Lemma lifted_norm_CT : lifted p K \subset 'N(CT p).
Proof.
apply/normsP => g gL; apply/eqP; rewrite eqEcard cardJg leqnn andbT.
apply/subsetP => c; by rewrite mem_conjg => /CT_conj_lifted/(_ gL); rewrite conjgKV.
Qed.

Lemma CT_vert_gt0 : 1 < #|CT p| -> 0 < #|vert Yt|.
Proof.
rewrite lt0n; apply: contraTneq => /card0_eq vert0.
suff /subset_leq_card : CT p \subset [1] by rewrite cards1 leqNgt.
by apply/subsetP => c _; rewrite inE; apply/eqP/permP => x; have := vert0 x.
Qed.

Hypothesis pcov : covering_projection p.

Lemma CT_fix1 (c : {perm vert Yt}) x : c \in CT p -> c x = x -> c = 1.
Proof.
case: pcov => _ _ p_inj _ /CTP[/AutP cA cp] cx; apply/permP => y; rewrite perm1.
have /connectP[s] := adj_conn x y; elim: s x cx => [|z s IHs] w /=; first by move=> cw _ ->.
move=> cw /andP[wz sz] ly; apply: IHs sz ly; apply: (p_inj w); rewrite ?cp //.
by rewrite -cA cw in wz.
Qed.

Lemma CT_point_inj (x : vert Yt) :
  {in CT p &, injective (fun c : {perm vert Yt} => c x)}.
Proof.
move=> c d cC dC /= cdx; apply/eqP; rewrite -(inj_eq (mulIg d^-1)) mulgV; apply/eqP.
by apply: (CT_fix1 (x := x)); rewrite ?groupM ?groupV // permM cdx permK.
Qed.

Lemma CT_mem_subgroup (S : {group {perm vert Yt}}) d :
  S \subset CT p -> d \in CT p ->
  (forall x, exists2 c, c \in S & c x = d x) -> d \in S.
Proof.
move=> sSC dC dS; case: (pickP (@predT (vert Yt))) => [x _ | vert0]; last first.
  by have -> : d = 1 by apply/permP => x; have := vert0 x.
by have [c cS /(CT_point_inj (subsetP sSC _ cS) dC) <-] := dS x.
Qed.

End Covers.

Lemma card_fibre (Y Yt : graph) (p : vert Yt -> vert Y) x :
  regular_cover p -> #|[set x' | p x' == p x]| = #|CT p|.
Proof.
case=> pcov preg; rewrite -(card_in_imset (CT_point_inj pcov (x := x))); apply/eq_card => y.
rewrite inE; apply/eqP/imsetP => [/esym/preg[c [[cC <-] _]] | [c /CTP[_ cp] ->]].
  by exists c.
exact: cp.
Qed.

Section Sections.
Variables (Y Yt : graph) (p : vert Yt -> vert Y) (S : {set vert Yt}).
Hypothesis secS : section p S.

Lemma section_fibre y : exists2 x, x \in S & p x = y.
Proof.
have /eqP/cards1P[x Sy] := secS y.
by have := set11 x; rewrite -Sy inE => /andP[xS /eqP]; exists x.
Qed.

Lemma section_inj : {in S &, injective p}.
Proof.
move=> x x' xS x'S pxx'; have /eqP/cards1P[z Sz] := secS (p x).
have fibre u : u \in S -> p u = p x -> u = z.
  by move=> uS pu; apply/set1P; rewrite -Sz inE uS pu eqxx.
by rewrite (fibre x xS) // (fibre x' x'S).
Qed.

End Sections.

Lemma vertex_transitive_proj (Y Yt : graph) (p : vert Yt -> vert Y)
    (A : {set {perm vert Yt}}) (B : {set {perm vert Y}}) :
  (forall y, exists x, p x = y) ->
  (forall a, a \in A -> exists2 b, b \in B & forall x, p (a x) = b (p x)) ->
  vertex_transitive A -> vertex_transitive B.
Proof.
move=> psurj AB /imsetP[x0 _ Ax0]; apply/imsetP; exists (p x0); rewrite ?inE //.
apply/setP => y; rewrite inE; have [x <-] := psurj y.
have : x \in orbit 'P A x0 by rewrite -Ax0 inE.
case/orbitP=> a aA <-; have [b bB ab] := AB a aA.
by apply/esym/orbitP; exists b; rewrite //= ab.
Qed.

Section Composition.
Variables (X0 X1 X2 : graph) (p1 : vert X1 -> vert X0) (p2 : vert X2 -> vert X1).

Lemma cover_comp :
  covering_projection p1 -> covering_projection p2 ->
  covering_projection (p1 \o p2).
Proof.
case=> s1 h1 i1 l1 [s2 h2 i2 l2]; split => /=.
- by move=> y; have [x1 <-] := s1 y; have [x2 <-] := s2 x1; exists x2.
- by move=> x x' /h2 /h1.
- move=> x y y' xy xy' e; apply: (i2 x) => //.
  by apply: (i1 (p2 x)) => //; apply: h2.
- move=> x w /l1[x1 a1 <-]; have [x2 a2 e2] := l2 _ _ a1.
  by exists x2; rewrite ?e2.
Qed.

Lemma CT_sub_CT_comp : CT p2 \subset CT (p1 \o p2).
Proof. by apply/subsetP => c /CTP[cA cp]; apply/CTP; split=> // x /=; rewrite cp. Qed.

Lemma lifted_comp_sub (G : {set {perm vert X0}}) :
  lifted p2 (lifted p1 G) \subset lifted (p1 \o p2) G.
Proof.
apply/subsetP => g /liftedP[gA [g1 /liftedP[_ [g0 g0G g1l]] gl]].
by apply/liftedP; split=> //; exists g0 => // x /=; rewrite gl g1l.
Qed.

Lemma card_fibre_comp x :
  regular_cover p1 -> regular_cover p2 ->
  #|[set x' | (p1 \o p2) x' == (p1 \o p2) x]| = (#|CT p1| * #|CT p2|)%N.
Proof.
move=> reg1 reg2; rewrite -(card_fibre (p2 x) reg1) -sum_nat_const -sum1_card.
rewrite (partition_big p2 (fun z => p1 z == p1 (p2 x))) => [|y]; last by rewrite inE.
apply: eq_big => [z | z]; first by rewrite inE.
case: reg2.1 => + _ _ _ => /(_ z)[y <-] yx.
rewrite -(card_fibre y reg2) -sum1_card; apply: eq_bigl => x'.
by rewrite !inE /= andbC; case: eqP => //= ->.
Qed.

End Composition.

Lemma cover_factor (Y W Z : graph) (r : vert Z -> vert W) (s : vert W -> vert Y)
    (f : vert Z -> vert Y) :
  covering_projection r -> covering_projection f -> (forall z, s (r z) = f z) ->
  covering_projection s.
Proof.
case=> sr hr ir lr [sf hf if_ lf] srf; split.
- by move=> y; have [z <-] := sf y; exists (r z).
- move=> a b; have [z <-] := sr a; case/lr=> z' zz' <-; rewrite !srf; exact: hf.
- move=> a b b'; have [z <-] := sr a; case/lr=> y zy <- /lr[y' zy' <-].
  by rewrite !srf => /(if_ z y y') ->.
- move=> a w; have [z <-] := sr a; rewrite srf; case/lf=> y zy <-.
  by exists (r y); [exact: hr | exact: srf].
Qed.

Lemma compl_card2_normal (gT : finGroupType) (G T H : {group gT}) :
  H \in [complements to T in G] -> #|T| = 2 -> H <| G.
Proof.
case/complP=> tiTH defG cardT; have sHG : H \subset G by rewrite -defG mulG_subr.
apply: (index2_normal sHG); apply/eqP.
rewrite -(eqn_pmul2l (cardG_gt0 H)) (Lagrange sHG).
by have := TI_cardMg tiTH; rewrite defG cardT mulnC => ->.
Qed.

Section ComplementsUnderMorphism.
Variables (aT rT : finGroupType) (D : {group aT}) (f : {morphism D >-> rT}).
Variable T : {group aT}.

Lemma morphim_compl (H : {group aT}) :
  'ker f \subset H -> H \in [complements to T in D] ->
  (f @* H)%G \in [complements to f @* T in f @* D].
Proof.
move=> kerH /complP[tiTH defD]; apply/complP; split.
  by rewrite -morphimIG // tiTH morphim1.
by rewrite -morphimMl ?defD // -defD mulG_subl.
Qed.

Lemma morphpre_compl (H' : {group rT}) :
  T \subset D -> T :&: 'ker f = 1 -> H' \in [complements to f @* T in f @* D] ->
  (f @*^-1 H')%G \in [complements to T in D].
Proof.
move=> sTD tiTker /complP[tiTH' defD']; apply/complP; split.
  apply/trivgP; rewrite -tiTker kerE -tiTH' morphpreI subsetI subsetIl /=.
  by rewrite setSI // -sub_morphim_pre.
apply/eqP; rewrite eqEsubset mul_subG ?morphpre_sub //=.
rewrite -{1}(morphimGK (morphpre_sub f 1) (subxx D)) -defD' morphpreMl ?morphimS //.
by rewrite morphimK // -(normC (subset_trans sTD (ker_norm f))) -mulgA mulSGid ?ker_sub_pre.
Qed.

End ComplementsUnderMorphism.

Section Quotient.
Variables (X Y : graph) (f : vert X -> vert Y) (N : {group {perm vert X}}).
Hypotheses (fcov : covering_projection f) (sNCT : N \subset CT f).

Lemma quot_subAut : N \subset Aut X.
Proof. by apply/subsetP => c /(subsetP sNCT)/CTP[]. Qed.

Lemma orbit_fibre (x y : vert X) : y \in orbit 'P N x -> f y = f x.
Proof. by case/orbitP=> c /(subsetP sNCT)/CTP[_ cf] <-; apply: cf. Qed.

Definition quot_vert := {A : {set vert X} | [exists x, A == orbit 'P N x]}.

Fact quot_proj_subproof x : [exists y, orbit 'P N x == orbit 'P N y].
Proof. by apply/existsP; exists x. Qed.

Definition quot_proj (x : vert X) : quot_vert :=
  exist _ (orbit 'P N x) (quot_proj_subproof x).

Lemma quot_projP x y : reflect (quot_proj x = quot_proj y) (y \in orbit 'P N x).
Proof.
apply: (iffP idP) => [/orbit_eqP xy | /(congr1 val)/= ->]; last exact: orbit_refl.
by apply: val_inj; rewrite /= xy.
Qed.

Definition quot_repr (A : quot_vert) : vert X := xchoose (existsP (valP A)).

Lemma quot_reprK : cancel quot_repr quot_proj.
Proof. by move=> A; apply: val_inj; apply/esym/eqP/(xchooseP (existsP (valP A))). Qed.

Lemma quot_proj_surj A : exists x, quot_proj x = A.
Proof. by exists (quot_repr A); apply: quot_reprK. Qed.

Definition quot_adj : rel quot_vert := fun A B =>
  [exists x, exists y, [&& quot_proj x == A, quot_proj y == B & adj X x y]].

Lemma quot_adj_proj x y : adj X x y -> quot_adj (quot_proj x) (quot_proj y).
Proof. by move=> xy; apply/existsP; exists x; apply/existsP; exists y; rewrite !eqxx. Qed.
(* Let $(\Gamma,\Lambda)$ be a Hecke pair with $\Lambda$ isomorphic to $\mathbb{Z}^n$. Then $\mathbb{R}^n$ is an engulfing group of $(\Gamma,\Lambda)$.
   Context: A Hecke pair $(\Gamma,\Lambda)$ is a group $\Gamma$ with a commensurated subgroup $\Lambda$ (commensurable, i.e. finite index intersection, with all its conjugates). A locally compact group $E$ is an engulfing group of $(\Gamma,\Lambda)$ if there are a homomorphism $\rho:\Lambda\to E$ with finite kernel and discrete cocompact image, and a homomorphism $\Delta:\Gamma\to\mathrm{Aut}(E)$ extending $h\mapsto$ conjugation by $\rho(h)$ on $\Lambda$, such that for every $g\in\Gamma$, $\Delta(g)(\rho(h))=\rho(ghg^{-1})$ for all $h$ in some finite index subgroup of $\Lambda$. *)

From HB Require Import structures.
From mathcomp Require Import all_boot all_order all_algebra.
From mathcomp Require Import all_classical all_reals all_analysis.

Set Implicit Arguments.
Unset Strict Implicit.
Unset Printing Implicit Defensive.

Import Order.TTheory GRing.Theory Num.Theory.
Import numFieldNormedType.Exports.
Local Open Scope classical_set_scope.

Section GroupNotions.
Variable G : groupType.
Local Open Scope group_scope.

Definition is_subgroup (H : set G) : Prop :=
  [/\ H 1, (forall x y, H x -> H y -> H (x * y)) & (forall x, H x -> H x^-1)].

Definition finite_index (K H : set G) : Prop :=
  exists s : seq G, forall k, K k -> exists2 t, t \in s & H (t^-1 * k).

Definition conj_set (g : G) (H : set G) : set G :=
  [set g * h * g^-1 | h in H].

Definition hecke_pair (L : set G) : Prop :=
  is_subgroup L /\
  forall g : G, finite_index L (L `&` conj_set g L) /\
                finite_index (conj_set g L) (L `&` conj_set g L).

End GroupNotions.

Definition isomorphic_to_Zn (G : groupType) (L : set G) (n : nat) : Prop :=
  exists phi : G -> 'rV[int]_n,
    [/\ (forall x y, L x -> L y -> phi (x * y)%g = phi x + phi y)%R,
        (forall x y, L x -> L y -> phi x = phi y -> x = y) &
        (forall v, exists2 h, L h & phi h = v)].

Definition is_top_aut (R : realType) (n : nat) (f : 'rV[R]_n -> 'rV[R]_n) : Prop :=
  (forall x y, f (x + y)%R = (f x + f y)%R) /\
  exists g : 'rV[R]_n -> 'rV[R]_n,
    [/\ cancel f g, cancel g f, continuous (f : 'rV[R]_n -> 'rV[R]_n) & continuous (g : 'rV[R]_n -> 'rV[R]_n)].

Definition engulfing_Rn (R : realType) (n : nat) (G : groupType) (L : set G) : Prop :=
  exists (rho : G -> 'rV[R]_n) (Delta : G -> ('rV[R]_n -> 'rV[R]_n)),
    (
     (forall x y, L x -> L y -> rho (x * y)%g = (rho x + rho y)%R) /\
     finite_set [set h | L h /\ rho h = 0%R] /\
     (* discrete image *)
     (forall x, (rho @` L) x ->
        exists2 U, nbhs x U & forall y, (rho @` L) y -> U y -> y = x) /\
     (* cocompact image *)
     (exists2 K : set 'rV[R]_n, compact K &
        forall v, exists k h, [/\ K k, L h & v = (k + rho h)%R]) /\
     (forall g, is_top_aut (Delta g)) /\
     (forall g1 g2, Delta (g1 * g2)%g = Delta g1 \o Delta g2) /\
     (* extending conjugation by rho(h) on Λ *)
     (forall h, L h -> Delta h = (fun x => rho h + x - rho h)%R) /\
     (forall g : G, exists L' : set G,
        [/\ is_subgroup L', L' `<=` L, finite_index L L' &
            forall h, L' h -> L (g * h * g^-1)%g /\
                              Delta g (rho h) = rho (g * h * g^-1)%g])).

From HB Require Import structures.
From mathcomp Require Import all_boot all_order all_algebra.
From mathcomp Require Import all_classical all_reals all_analysis.
From mathcomp Require Import zify lra.
Lemma cell_sum_drift_le i k0 t m :
  cell_sum i k0 (fun k => f (t + m) k - f t k) ^+ 2 <=
    m%:R * N%:R * (proj_dist t - proj_dist (t + m)).
Proof.
pose delta s k := f (t + s).+1 k - f (t + s) k.
have drift : cell_sum i k0 (fun k => f (t + m) k - f t k) =
    \sum_(s < m) cell_sum i k0 (delta s).
  rewrite /cell_sum exchange_big /=; apply: eq_bigr => k _; rewrite -mulr_sumr.
  rewrite -(big_mkord xpredT (delta^~ k)) (telescope_sumr_eq (fun s => f (t + s) k)) ?addn0 //.
  by move=> s _; rewrite /delta addnS.
have dist_drop : \sum_(s < m) \sum_k delta s k ^+ 2 = proj_dist t - proj_dist (t + m).
  rewrite -(big_mkord xpredT (fun s => \sum_k delta s k ^+ 2)).
  rewrite (telescope_sumr_eq (fun s => - proj_dist (t + s))) ?addn0 ?opprK 1?addrC //.
  by move=> s _; rewrite (proj_dist_step (t + s)) addnS; ring.
rewrite drift -dist_drop; apply: le_trans (sqr_sumr_le_card _) _.
rewrite card_ord -mulrA ler_wpM2l // mulr_sumr ler_sum // => s _.
exact: cell_sum_sqr_le.
Qed.

(* Within the sweep starting at [n * M], the step on the pair [p] of the cell
   makes its residual cell sum vanish; before that the fitted values move by at
   most what the distance to [proj] drops during the sweep. *)
Lemma cell_sum_sweep_le n i k0 :
  cell_sum i k0 (fun k => Y k - f (n * M) k) ^+ 2 <=
    M%:R * N%:R * (proj_dist (n * M) - proj_dist (n * M + M)).
Proof.
set t0 := (n * M)%N; pose p := Tagged (fun i => 'I_(Rr i)) (reg i (col' i (X k0))).
have idx_lt : (index p e < M)%N by rewrite index_mem.
set idx := index p e in idx_lt.
have := steps n (Ordinal idx_lt); rewrite (tnth_nth p) /= nth_index // => step.
have := exact_block_step_cell_sum step (eqxx _); rewrite -addnS -/t0 => resid0.
have -> : cell_sum i k0 (fun k => Y k - f t0 k) =
    cell_sum i k0 (fun k => f (t0 + idx.+1) k - f t0 k).
  by move/eqP: resid0; rewrite !cell_sumB subr_eq0 => /eqP ->.
apply: le_trans (cell_sum_drift_le _ _ _ _) _.
rewrite ler_pM ?mulr_ge0 ?subr_ge0 ?proj_dist_nonincreasing ?leq_addr ?ler_wpM2r //.
  by rewrite ler_nat.
by rewrite lerD2l lerN2 proj_dist_nonincreasing // leq_add2l.
Qed.

Definition sweep_const : R :=
  (\sum_k \sum_j pinvmx cellmx k j ^+ 2) * (ncells * M * N)%:R.

Lemma sweep_const_ge0 : 0 <= sweep_const.
Proof. by rewrite mulr_ge0 // sumr_ge0 // => k _; exact: sumr_sqr_ge0. Qed.

Lemma proj_dist_sweep_le n :
  proj_dist (n * M) <= sweep_const * (proj_dist (n * M) - proj_dist (n * M + M)).
Proof.
set t0 := (n * M)%N; set D := proj_dist t0 - proj_dist (t0 + M).
have entry j : ((rowv (f t0) - rowv proj) *m cellmx^T) 0 j ^+ 2 <= M%:R * N%:R * D.
  rewrite -(enum_valK j); case: (enum_val j) => k0 i.
  have /eqP := cell_sum_resid_proj i k0; rewrite !cell_sumB subr_eq0 => /eqP Y_proj.
  rewrite -rowvB mulmx_cellmx_tr cell_sumB -Y_proj -opprB sqrrN -cell_sumB.
  exact: cell_sum_sweep_le.
have := sqnorm_le_pinvmx (fitted_proj_diff_sub_cellmx (b t0) (F t0)).
have -> : \sum_k (rowv (f t0) - rowv proj) 0 k ^+ 2 = proj_dist t0.
  by apply: eq_bigr => k _; rewrite !mxE.
move/le_trans; apply; rewrite /sweep_const -mulrA; apply: ler_wpM2l.
  by rewrite sumr_ge0 // => k _; exact: sumr_sqr_ge0.
apply: le_trans (ler_sum _ (fun j _ => entry j)) _.
by rewrite sumr_const card_ord -[X in X <= _]mulr_natl !natrM !mulrA.
Qed.

Lemma proj_dist_sweep_contract n :
  proj_dist (n.+1 * M) <= sweep_const / (sweep_const + 1) * proj_dist (n * M).
Proof.
have K_ge0 := sweep_const_ge0.
have le_K := proj_dist_sweep_le n.
have y_le_x : proj_dist (n * M + M) <= proj_dist (n * M).
  by apply: proj_dist_nonincreasing; rewrite leq_addr.
rewrite mulSn [(M + _)%N]addnC mulrAC ler_pdivlMr ?ltr_wpDl //; nra.
Qed.

Lemma proj_dist_geometric t :
  proj_dist t <= (sweep_const / (sweep_const + 1)) ^+ (t %/ M) * proj_dist 0.
Proof.
have q_ge0 : 0 <= sweep_const / (sweep_const + 1).
  by rewrite divr_ge0 ?addr_ge0 ?sweep_const_ge0.
apply: le_trans (proj_dist_nonincreasing (leq_divM t M)) _.
elim: (t %/ M)%N => [|n IH]; first by rewrite mul0n expr0 mul1r.
apply: le_trans (proj_dist_sweep_contract n) _.
by rewrite exprS -[X in _ <= X]mulrA; apply: ler_wpM2l.
Qed.

Lemma proj_dist_cvg0 : (fun t => N%:R^-1 * proj_dist t) @ \oo --> 0.
Proof.
set q := sweep_const / (sweep_const + 1).
have q_lt1 : `|q| < 1.
  rewrite ger0_norm ?divr_ge0 ?addr_ge0 ?sweep_const_ge0 //.
  by rewrite ltr_pdivrMr ?mul1r ?ltrDl // ltr_wpDl // sweep_const_ge0.
have geom : (fun t => N%:R^-1 * (q ^+ (t %/ M)%N * proj_dist 0)) @ \oo --> 0.
  rewrite -(mulr0 N%:R^-1) -(mul0r (proj_dist 0)); apply: cvgMr; apply: cvgMl.
  exact: cvg_comp (cvg_divnr _ size_e_gt0) (cvg_expr q_lt1).
have bound t : 0 <= N%:R^-1 * proj_dist t <= N%:R^-1 * (q ^+ (t %/ M) * proj_dist 0).
  by rewrite mulr_ge0 ?invr_ge0 ?sumr_sqr_ge0 // ler_wpM2l ?invr_ge0 ?proj_dist_geometric.
have cst0 : (fun _ : nat => 0 : R) @ \oo --> 0 by exact: cvg_cst.
exact (squeeze_cvgr (nearW _ bound) cst0 geom).
Qed.

End Backfitting.

End CALM.

Theorem propositionA3 (R : realType) (d : nat) (Rr : 'I_d -> nat)
    (reg : forall i : 'I_d, 'rV[R]_(d.-1) -> 'I_(Rr i))
    (N : nat) (X : 'I_N -> 'rV[R]_d) (Y : 'I_N -> R)
    (e : seq (pairT Rr)) (b : nat -> R) (F : nat -> shapes R Rr) :
  (0 < d)%N ->
  uniq e -> (forall p : pairT Rr, p \in e) ->
  (forall (n : nat) (j : 'I_(size e)),
      exact_block_step reg X Y (tnth (in_tuple e) j)
        (b (n * size e + j)%N) (F (n * size e + j)%N)
        (b (n * size e + j).+1) (F (n * size e + j).+1)) ->
  (forall t : nat,
      emp_risk X Y (calm_score reg (b t.+1) (F t.+1))
        <= emp_risk X Y (calm_score reg (b t) (F t)))
  /\ (exists shat : 'rV[R]_d -> R,
        calm_class reg shat
        /\ (forall s, calm_class reg s -> emp_risk X Y shat <= emp_risk X Y s)
        /\ (fun t : nat => N%:R^-1 * \sum_(k < N)
              (calm_score reg (b t) (F t) (X k) - shat (X k)) ^+ 2) @ \oo --> 0)
  /\ (forall s1 s2 : 'rV[R]_d -> R,
        calm_class reg s1 -> calm_class reg s2 ->
        (forall s, calm_class reg s -> emp_risk X Y s1 <= emp_risk X Y s) ->
        (forall s, calm_class reg s -> emp_risk X Y s2 <= emp_risk X Y s) ->
        forall k : 'I_N, s1 (X k) = s2 (X k)).
Proof.
move=> d_gt0 _ e_all steps; split.
  move=> t; apply: ler_wpM2l; first by rewrite invr_ge0.
  exact: (sq_loss_nonincreasing d_gt0 e_all steps).
split.
  exists (calm_score reg 0 (proj_shapes reg X Y)).
  split; first by exists 0, (proj_shapes reg X Y).
  split; first exact: emp_risk_proj_shapes_le.
  have -> : (fun t => N%:R^-1 * \sum_(k < N) (calm_score reg (b t) (F t) (X k) -
      calm_score reg 0 (proj_shapes reg X Y) (X k)) ^+ 2) =
      (fun t => N%:R^-1 * proj_dist reg X Y b F t).
    apply/funext => t; congr (_ * _); apply: eq_bigr => k _.
    by rewrite -(fitted_proj_shapes reg X Y k).
  exact (proj_dist_cvg0 d_gt0 e_all steps).
move=> s1 s2 s1_calm s2_calm s1_min s2_min k.
rewrite (calm_minimizer_fitted d_gt0 s1_calm s1_min).
by rewrite (calm_minimizer_fitted d_gt0 s2_calm s2_min).
Qed.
◇ ◇ ◇ ◇ ◇
• _Assigned task_:
In the listing above, locate the line containing "case/complP=> tiTH defG" and the line containing "Variables (X Y". Extract those two lines and every line between them, exactly as written, and only those.

• _Task answer_:
case/complP=> tiTH defG cardT; have sHG : H \subset G by rewrite -defG mulG_subr.
apply: (index2_normal sHG); apply/eqP.
rewrite -(eqn_pmul2l (cardG_gt0 H)) (Lagrange sHG).
by have := TI_cardMg tiTH; rewrite defG cardT mulnC => ->.
Qed.

Section ComplementsUnderMorphism.
Variables (aT rT : finGroupType) (D : {group aT}) (f : {morphism D >-> rT}).
Variable T : {group aT}.

Lemma morphim_compl (H : {group aT}) :
  'ker f \subset H -> H \in [complements to T in D] ->
  (f @* H)%G \in [complements to f @* T in f @* D].
Proof.
move=> kerH /complP[tiTH defD]; apply/complP; split.
  by rewrite -morphimIG // tiTH morphim1.
by rewrite -morphimMl ?defD // -defD mulG_subl.
Qed.

Lemma morphpre_compl (H' : {group rT}) :
  T \subset D -> T :&: 'ker f = 1 -> H' \in [complements to f @* T in f @* D] ->
  (f @*^-1 H')%G \in [complements to T in D].
Proof.
move=> sTD tiTker /complP[tiTH' defD']; apply/complP; split.
  apply/trivgP; rewrite -tiTker kerE -tiTH' morphpreI subsetI subsetIl /=.
  by rewrite setSI // -sub_morphim_pre.
apply/eqP; rewrite eqEsubset mul_subG ?morphpre_sub //=.
rewrite -{1}(morphimGK (morphpre_sub f 1) (subxx D)) -defD' morphpreMl ?morphimS //.
by rewrite morphimK // -(normC (subset_trans sTD (ker_norm f))) -mulgA mulSGid ?ker_sub_pre.
Qed.

End ComplementsUnderMorphism.

Section Quotient.
Variables (X Y : graph) (f : vert X -> vert Y) (N : {group {perm vert X}}).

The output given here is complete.